___ Provided information ___

(* Let $\mathcal{H}^c_{A_{n-1}}$ be the degenerate affine Hecke–Clifford algebra of type $A_{n-1}$. Let $\gamma=(\gamma_1,\dots,\gamma_k)$ be a composition of $n$, let $B_j=\{\gamma_1+\dots+\gamma_{j-1}+1,\dots,\gamma_1+\dots+\gamma_j\}$, and let $w_\gamma\in S_n$ be the product over $j$ of the cycles $(a\ \ a+1\ \cdots\ b)$ where $B_j=\{a,\dots,b\}$. Let $I\subseteq\{1,\dots,n\}$ with $|I|$ even, and $I_j=I\cap B_j$. If every $|I_j|$ is even, then $w_\gamma c_I-\epsilon w_\gamma\in[\mathcal{H}^c_{A_{n-1}},\mathcal{H}^c_{A_{n-1}}]$ for some $\epsilon\in\{1,-1\}$; otherwise $w_\gamma c_I\in[\mathcal{H}^c_{A_{n-1}},\mathcal{H}^c_{A_{n-1}}]$.
   Context: $\mathcal{H}^c_{A_{n-1}}$ (parameter $u\in\mathbb{C}$) is the $\mathbb{C}$-algebra generated by commuting $x_1,\dots,x_n$, Clifford generators $c_1,\dots,c_n$ ($c_i^2=1$, $c_ic_j=-c_jc_i$ for $i\ne j$) and $S_n$ (simple reflections $s_i=(i,i+1)$), with $\mathbb{C}[x]$, the Clifford algebra and $\mathbb{C}S_n$ subalgebras and relations $x_ic_i=-c_ix_i$, $x_ic_j=c_jx_i$ ($i\ne j$), $\sigma c_i=c_{\sigma(i)}\sigma$ ($\sigma\in S_n$), $x_{i+1}s_i-s_ix_i=u(1-c_{i+1}c_i)$, $x_js_i=s_ix_j$ ($j\ne i,i+1$). A composition of $n$ is a sequence of positive integers summing to $n$. For $I=\{i_1<\dots<i_m\}$, $c_I=c_{i_1}\cdots c_{i_m}$. $[H,H]$ is the linear span of all $hh'-h'h$. *)

From HB Require Import structures.
From mathcomp Require Import all_boot all_order all_fingroup all_algebra.
From mathcomp Require Import complex.
From mathcomp Require Import reals.
Set Implicit Arguments. Unset Strict Implicit. Unset Printing Implicit Defensive.
Import Order.TTheory GRing.Theory Num.Theory.
Local Open Scope ring_scope.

___

Exercise instructions: Pull every line containing "mathcomp" out of the material and copy it.

Task response:
From mathcomp Require Import all_boot all_order all_fingroup all_algebra.
From mathcomp Require Import complex.
From mathcomp Require Import reals.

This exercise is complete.